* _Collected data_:
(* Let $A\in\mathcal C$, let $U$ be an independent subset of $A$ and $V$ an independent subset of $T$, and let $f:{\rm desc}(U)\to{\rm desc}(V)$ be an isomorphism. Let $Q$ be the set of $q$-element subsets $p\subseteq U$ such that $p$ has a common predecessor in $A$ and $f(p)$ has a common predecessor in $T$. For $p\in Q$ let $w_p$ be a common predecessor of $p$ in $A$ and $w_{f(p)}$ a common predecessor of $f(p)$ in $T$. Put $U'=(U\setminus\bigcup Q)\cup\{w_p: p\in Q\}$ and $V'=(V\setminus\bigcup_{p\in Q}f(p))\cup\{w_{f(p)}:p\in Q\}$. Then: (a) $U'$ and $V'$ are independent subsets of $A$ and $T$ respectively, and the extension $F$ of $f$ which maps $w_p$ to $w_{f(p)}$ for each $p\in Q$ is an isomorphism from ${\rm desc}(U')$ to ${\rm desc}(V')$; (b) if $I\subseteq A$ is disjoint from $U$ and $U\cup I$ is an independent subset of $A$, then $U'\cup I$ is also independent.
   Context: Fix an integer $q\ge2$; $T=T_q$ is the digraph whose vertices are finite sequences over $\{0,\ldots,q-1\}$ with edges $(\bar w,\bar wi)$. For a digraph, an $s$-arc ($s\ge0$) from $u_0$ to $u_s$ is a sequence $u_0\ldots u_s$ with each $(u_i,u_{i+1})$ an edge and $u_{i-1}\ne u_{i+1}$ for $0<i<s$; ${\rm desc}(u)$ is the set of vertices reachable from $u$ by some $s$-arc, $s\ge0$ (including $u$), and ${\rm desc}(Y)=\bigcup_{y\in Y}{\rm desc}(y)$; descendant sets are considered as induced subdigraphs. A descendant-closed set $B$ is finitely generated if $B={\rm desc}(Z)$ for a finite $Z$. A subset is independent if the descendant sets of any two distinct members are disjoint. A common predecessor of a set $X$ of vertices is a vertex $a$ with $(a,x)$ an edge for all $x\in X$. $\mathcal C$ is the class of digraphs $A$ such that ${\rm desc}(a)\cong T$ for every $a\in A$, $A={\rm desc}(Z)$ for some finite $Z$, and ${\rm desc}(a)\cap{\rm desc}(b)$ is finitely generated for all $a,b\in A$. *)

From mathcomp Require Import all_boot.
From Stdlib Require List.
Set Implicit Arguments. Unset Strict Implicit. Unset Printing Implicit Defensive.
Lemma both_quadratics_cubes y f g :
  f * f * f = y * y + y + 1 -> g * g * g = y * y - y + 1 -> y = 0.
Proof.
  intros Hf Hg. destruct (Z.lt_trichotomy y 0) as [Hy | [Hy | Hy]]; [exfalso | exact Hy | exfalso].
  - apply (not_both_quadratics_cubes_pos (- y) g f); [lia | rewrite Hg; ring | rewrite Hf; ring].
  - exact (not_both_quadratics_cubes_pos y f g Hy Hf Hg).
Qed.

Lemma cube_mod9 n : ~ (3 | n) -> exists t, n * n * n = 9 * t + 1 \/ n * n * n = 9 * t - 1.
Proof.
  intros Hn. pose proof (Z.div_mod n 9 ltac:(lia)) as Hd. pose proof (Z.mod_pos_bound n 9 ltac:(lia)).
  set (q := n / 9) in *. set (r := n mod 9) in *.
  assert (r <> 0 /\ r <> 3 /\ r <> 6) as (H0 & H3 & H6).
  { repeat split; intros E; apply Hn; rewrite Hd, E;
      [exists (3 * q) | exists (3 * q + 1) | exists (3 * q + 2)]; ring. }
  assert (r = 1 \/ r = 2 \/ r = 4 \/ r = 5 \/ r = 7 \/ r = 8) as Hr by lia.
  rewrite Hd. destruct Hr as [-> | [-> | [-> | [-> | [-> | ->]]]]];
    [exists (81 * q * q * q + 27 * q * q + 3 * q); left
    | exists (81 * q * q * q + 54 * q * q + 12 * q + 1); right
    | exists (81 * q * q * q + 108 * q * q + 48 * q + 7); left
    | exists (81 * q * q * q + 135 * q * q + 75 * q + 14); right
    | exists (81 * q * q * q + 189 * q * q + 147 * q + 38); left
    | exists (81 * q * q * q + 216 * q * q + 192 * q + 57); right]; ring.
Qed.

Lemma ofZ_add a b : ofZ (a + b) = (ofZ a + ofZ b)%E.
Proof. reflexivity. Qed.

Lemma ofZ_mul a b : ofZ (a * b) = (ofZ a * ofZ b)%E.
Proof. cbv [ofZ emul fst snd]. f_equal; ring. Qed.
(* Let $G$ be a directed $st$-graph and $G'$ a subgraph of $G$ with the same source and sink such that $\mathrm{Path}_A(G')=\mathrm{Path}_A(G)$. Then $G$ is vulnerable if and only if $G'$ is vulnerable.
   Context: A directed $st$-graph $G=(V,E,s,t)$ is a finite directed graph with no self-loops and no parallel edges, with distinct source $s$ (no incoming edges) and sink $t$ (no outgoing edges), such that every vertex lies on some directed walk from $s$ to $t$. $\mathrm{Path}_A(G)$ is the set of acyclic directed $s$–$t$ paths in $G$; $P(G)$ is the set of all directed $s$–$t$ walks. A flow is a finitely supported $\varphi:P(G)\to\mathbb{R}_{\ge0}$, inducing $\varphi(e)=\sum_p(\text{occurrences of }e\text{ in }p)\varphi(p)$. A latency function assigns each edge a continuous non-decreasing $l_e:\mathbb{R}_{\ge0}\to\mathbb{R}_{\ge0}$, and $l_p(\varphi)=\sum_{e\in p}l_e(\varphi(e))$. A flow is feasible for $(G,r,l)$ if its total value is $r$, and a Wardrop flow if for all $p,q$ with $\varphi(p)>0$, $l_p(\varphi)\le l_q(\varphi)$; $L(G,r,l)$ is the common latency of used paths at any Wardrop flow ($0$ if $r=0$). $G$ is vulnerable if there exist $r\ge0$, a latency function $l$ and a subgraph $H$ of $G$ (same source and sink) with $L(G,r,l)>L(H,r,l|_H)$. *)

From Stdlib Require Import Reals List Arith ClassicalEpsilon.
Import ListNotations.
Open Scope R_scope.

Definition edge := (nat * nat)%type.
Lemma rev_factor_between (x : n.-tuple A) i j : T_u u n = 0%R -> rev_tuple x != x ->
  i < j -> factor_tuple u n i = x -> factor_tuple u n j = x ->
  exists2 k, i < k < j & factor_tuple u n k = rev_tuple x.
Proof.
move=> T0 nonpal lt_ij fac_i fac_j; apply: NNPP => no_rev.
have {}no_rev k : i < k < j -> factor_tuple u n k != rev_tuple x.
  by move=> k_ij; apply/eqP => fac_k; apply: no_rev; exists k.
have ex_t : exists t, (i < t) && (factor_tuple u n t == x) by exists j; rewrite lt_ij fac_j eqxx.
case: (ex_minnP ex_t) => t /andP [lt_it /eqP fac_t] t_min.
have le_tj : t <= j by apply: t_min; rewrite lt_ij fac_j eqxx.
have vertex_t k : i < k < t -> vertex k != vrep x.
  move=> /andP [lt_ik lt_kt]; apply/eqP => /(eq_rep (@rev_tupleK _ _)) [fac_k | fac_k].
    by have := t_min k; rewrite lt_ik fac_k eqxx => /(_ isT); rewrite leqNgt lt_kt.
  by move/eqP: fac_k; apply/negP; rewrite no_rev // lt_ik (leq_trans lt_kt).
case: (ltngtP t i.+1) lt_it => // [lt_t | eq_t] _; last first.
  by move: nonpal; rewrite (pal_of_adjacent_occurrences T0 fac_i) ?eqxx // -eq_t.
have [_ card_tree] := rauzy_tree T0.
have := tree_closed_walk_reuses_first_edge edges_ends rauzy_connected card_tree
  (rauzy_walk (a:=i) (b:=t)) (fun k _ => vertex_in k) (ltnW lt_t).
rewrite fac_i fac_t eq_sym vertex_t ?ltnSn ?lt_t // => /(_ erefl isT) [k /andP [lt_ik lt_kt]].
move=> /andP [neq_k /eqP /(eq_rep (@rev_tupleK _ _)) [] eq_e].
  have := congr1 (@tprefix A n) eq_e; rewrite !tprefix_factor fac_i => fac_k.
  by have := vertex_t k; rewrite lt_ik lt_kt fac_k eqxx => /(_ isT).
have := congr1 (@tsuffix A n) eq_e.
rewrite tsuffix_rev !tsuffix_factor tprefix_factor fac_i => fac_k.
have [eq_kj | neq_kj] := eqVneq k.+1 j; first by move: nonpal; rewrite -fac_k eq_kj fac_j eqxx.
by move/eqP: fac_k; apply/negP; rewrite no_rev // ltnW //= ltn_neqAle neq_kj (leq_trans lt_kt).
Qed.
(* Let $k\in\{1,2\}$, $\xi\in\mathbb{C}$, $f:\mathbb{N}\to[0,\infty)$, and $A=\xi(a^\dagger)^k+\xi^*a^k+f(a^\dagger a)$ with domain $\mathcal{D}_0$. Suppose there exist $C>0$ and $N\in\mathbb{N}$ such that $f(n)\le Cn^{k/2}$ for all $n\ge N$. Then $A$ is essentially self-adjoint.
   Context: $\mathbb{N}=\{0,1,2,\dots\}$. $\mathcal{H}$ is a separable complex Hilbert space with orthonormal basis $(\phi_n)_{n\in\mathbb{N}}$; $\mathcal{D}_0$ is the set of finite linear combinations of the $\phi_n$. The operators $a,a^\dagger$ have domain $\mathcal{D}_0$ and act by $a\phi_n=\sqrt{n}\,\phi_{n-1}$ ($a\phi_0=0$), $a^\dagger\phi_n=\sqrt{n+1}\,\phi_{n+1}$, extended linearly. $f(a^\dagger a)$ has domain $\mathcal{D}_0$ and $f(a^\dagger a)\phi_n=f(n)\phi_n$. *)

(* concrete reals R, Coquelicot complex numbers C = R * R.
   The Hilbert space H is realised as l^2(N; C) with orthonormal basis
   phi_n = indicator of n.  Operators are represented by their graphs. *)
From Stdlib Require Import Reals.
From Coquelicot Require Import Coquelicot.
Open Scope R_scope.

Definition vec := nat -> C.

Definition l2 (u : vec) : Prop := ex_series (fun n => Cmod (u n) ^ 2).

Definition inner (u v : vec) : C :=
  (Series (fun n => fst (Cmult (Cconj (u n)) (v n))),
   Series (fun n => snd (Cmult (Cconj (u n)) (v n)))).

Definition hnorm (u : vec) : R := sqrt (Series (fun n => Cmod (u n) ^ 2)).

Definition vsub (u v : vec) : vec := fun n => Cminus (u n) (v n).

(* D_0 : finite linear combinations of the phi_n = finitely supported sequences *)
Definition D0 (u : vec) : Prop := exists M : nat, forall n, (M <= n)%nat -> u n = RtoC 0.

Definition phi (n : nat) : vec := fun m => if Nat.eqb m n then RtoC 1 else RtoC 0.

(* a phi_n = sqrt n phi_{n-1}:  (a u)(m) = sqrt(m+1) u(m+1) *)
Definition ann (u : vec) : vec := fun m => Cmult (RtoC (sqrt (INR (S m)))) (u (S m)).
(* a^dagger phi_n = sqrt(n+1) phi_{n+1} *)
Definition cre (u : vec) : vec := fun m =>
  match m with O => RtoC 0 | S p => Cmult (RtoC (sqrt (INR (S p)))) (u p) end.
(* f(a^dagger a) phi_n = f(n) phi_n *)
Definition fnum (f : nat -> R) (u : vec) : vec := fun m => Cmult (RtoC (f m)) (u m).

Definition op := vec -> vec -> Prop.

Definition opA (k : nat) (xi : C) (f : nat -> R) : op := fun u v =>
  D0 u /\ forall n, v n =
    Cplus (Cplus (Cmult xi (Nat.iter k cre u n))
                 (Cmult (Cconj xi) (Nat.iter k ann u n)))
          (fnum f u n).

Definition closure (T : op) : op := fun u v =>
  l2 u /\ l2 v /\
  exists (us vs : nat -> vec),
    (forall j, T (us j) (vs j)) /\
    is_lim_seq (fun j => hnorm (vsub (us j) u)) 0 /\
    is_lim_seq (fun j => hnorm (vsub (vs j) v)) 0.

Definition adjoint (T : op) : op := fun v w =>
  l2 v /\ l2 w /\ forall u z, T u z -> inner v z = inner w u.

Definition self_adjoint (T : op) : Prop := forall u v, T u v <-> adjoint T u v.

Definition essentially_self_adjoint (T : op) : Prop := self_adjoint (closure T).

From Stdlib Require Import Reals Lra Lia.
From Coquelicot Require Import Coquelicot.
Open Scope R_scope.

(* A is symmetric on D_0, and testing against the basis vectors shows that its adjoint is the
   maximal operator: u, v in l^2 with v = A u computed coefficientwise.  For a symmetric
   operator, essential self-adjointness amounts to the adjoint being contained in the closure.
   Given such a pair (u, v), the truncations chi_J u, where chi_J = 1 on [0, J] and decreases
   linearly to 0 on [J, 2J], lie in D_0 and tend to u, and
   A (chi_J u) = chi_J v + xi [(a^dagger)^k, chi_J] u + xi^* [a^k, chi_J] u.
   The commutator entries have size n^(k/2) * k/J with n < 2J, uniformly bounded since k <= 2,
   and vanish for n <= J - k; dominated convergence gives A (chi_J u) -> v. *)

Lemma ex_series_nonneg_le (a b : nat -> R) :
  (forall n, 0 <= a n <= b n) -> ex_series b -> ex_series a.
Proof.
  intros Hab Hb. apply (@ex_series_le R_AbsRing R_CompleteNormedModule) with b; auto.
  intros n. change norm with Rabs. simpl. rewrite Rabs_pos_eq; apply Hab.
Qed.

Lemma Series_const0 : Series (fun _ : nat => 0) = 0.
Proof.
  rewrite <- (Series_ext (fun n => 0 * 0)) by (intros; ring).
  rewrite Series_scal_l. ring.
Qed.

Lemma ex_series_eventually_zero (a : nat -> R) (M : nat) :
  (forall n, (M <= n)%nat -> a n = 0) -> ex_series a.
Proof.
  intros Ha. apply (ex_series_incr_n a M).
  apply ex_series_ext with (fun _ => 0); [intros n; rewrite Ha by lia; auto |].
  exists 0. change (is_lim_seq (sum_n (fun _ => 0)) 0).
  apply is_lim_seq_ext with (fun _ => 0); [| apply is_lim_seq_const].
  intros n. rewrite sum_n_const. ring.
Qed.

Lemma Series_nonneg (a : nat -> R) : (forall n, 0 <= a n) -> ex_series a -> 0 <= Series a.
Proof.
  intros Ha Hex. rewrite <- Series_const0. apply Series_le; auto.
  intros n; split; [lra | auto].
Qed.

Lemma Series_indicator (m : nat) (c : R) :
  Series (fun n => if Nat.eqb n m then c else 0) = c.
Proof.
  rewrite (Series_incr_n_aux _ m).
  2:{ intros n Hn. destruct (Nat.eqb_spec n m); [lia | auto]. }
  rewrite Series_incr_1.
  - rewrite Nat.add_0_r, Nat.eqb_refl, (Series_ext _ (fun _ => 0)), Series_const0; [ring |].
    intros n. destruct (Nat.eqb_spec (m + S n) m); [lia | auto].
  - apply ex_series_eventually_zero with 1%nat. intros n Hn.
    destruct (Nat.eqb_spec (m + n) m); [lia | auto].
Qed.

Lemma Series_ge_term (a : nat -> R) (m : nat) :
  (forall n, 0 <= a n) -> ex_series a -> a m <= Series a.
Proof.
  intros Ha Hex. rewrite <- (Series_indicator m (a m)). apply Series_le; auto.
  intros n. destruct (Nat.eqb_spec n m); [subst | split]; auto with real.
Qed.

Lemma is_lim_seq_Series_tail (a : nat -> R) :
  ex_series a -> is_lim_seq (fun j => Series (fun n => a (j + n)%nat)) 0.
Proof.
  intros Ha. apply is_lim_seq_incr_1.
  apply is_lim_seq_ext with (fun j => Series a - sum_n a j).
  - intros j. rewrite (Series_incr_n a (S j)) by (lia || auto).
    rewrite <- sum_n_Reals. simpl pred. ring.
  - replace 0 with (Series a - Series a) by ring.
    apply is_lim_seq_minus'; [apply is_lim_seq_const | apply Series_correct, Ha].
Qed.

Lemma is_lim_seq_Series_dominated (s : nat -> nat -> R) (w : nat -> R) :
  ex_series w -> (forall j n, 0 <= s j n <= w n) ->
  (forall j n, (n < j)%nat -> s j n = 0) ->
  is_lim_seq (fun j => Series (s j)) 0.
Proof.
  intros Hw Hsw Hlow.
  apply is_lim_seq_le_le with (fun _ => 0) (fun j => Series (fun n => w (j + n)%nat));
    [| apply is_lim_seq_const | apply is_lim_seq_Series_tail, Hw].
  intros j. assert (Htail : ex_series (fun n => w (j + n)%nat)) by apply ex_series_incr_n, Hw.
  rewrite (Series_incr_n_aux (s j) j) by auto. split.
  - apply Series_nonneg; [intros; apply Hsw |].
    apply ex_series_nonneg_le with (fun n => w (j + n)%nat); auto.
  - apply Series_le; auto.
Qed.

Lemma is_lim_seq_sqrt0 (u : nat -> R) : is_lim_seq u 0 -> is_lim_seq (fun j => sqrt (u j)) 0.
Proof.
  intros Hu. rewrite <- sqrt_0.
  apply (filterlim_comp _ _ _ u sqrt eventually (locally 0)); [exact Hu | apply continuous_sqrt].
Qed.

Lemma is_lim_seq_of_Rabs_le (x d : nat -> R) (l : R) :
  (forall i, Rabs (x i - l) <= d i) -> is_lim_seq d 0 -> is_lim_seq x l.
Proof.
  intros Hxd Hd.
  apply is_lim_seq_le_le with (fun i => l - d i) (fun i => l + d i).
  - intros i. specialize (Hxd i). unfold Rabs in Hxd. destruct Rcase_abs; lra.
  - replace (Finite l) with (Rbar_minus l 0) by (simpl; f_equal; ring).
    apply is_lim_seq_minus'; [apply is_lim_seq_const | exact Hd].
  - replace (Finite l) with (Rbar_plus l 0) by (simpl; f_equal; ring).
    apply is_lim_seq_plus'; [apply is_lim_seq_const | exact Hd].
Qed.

* _The task_: Produce only the lines from the line containing "Definition opA (k" through the line containing "(* A is symmetric", inclusive of both, exactly as they stand in the entries above.

* _Final answer_:
Definition opA (k : nat) (xi : C) (f : nat -> R) : op := fun u v =>
  D0 u /\ forall n, v n =
    Cplus (Cplus (Cmult xi (Nat.iter k cre u n))
                 (Cmult (Cconj xi) (Nat.iter k ann u n)))
          (fnum f u n).

Definition closure (T : op) : op := fun u v =>
  l2 u /\ l2 v /\
  exists (us vs : nat -> vec),
    (forall j, T (us j) (vs j)) /\
    is_lim_seq (fun j => hnorm (vsub (us j) u)) 0 /\
    is_lim_seq (fun j => hnorm (vsub (vs j) v)) 0.

Definition adjoint (T : op) : op := fun v w =>
  l2 v /\ l2 w /\ forall u z, T u z -> inner v z = inner w u.

Definition self_adjoint (T : op) : Prop := forall u v, T u v <-> adjoint T u v.

Definition essentially_self_adjoint (T : op) : Prop := self_adjoint (closure T).

From Stdlib Require Import Reals Lra Lia.
From Coquelicot Require Import Coquelicot.
Open Scope R_scope.

(* A is symmetric on D_0, and testing against the basis vectors shows that its adjoint is the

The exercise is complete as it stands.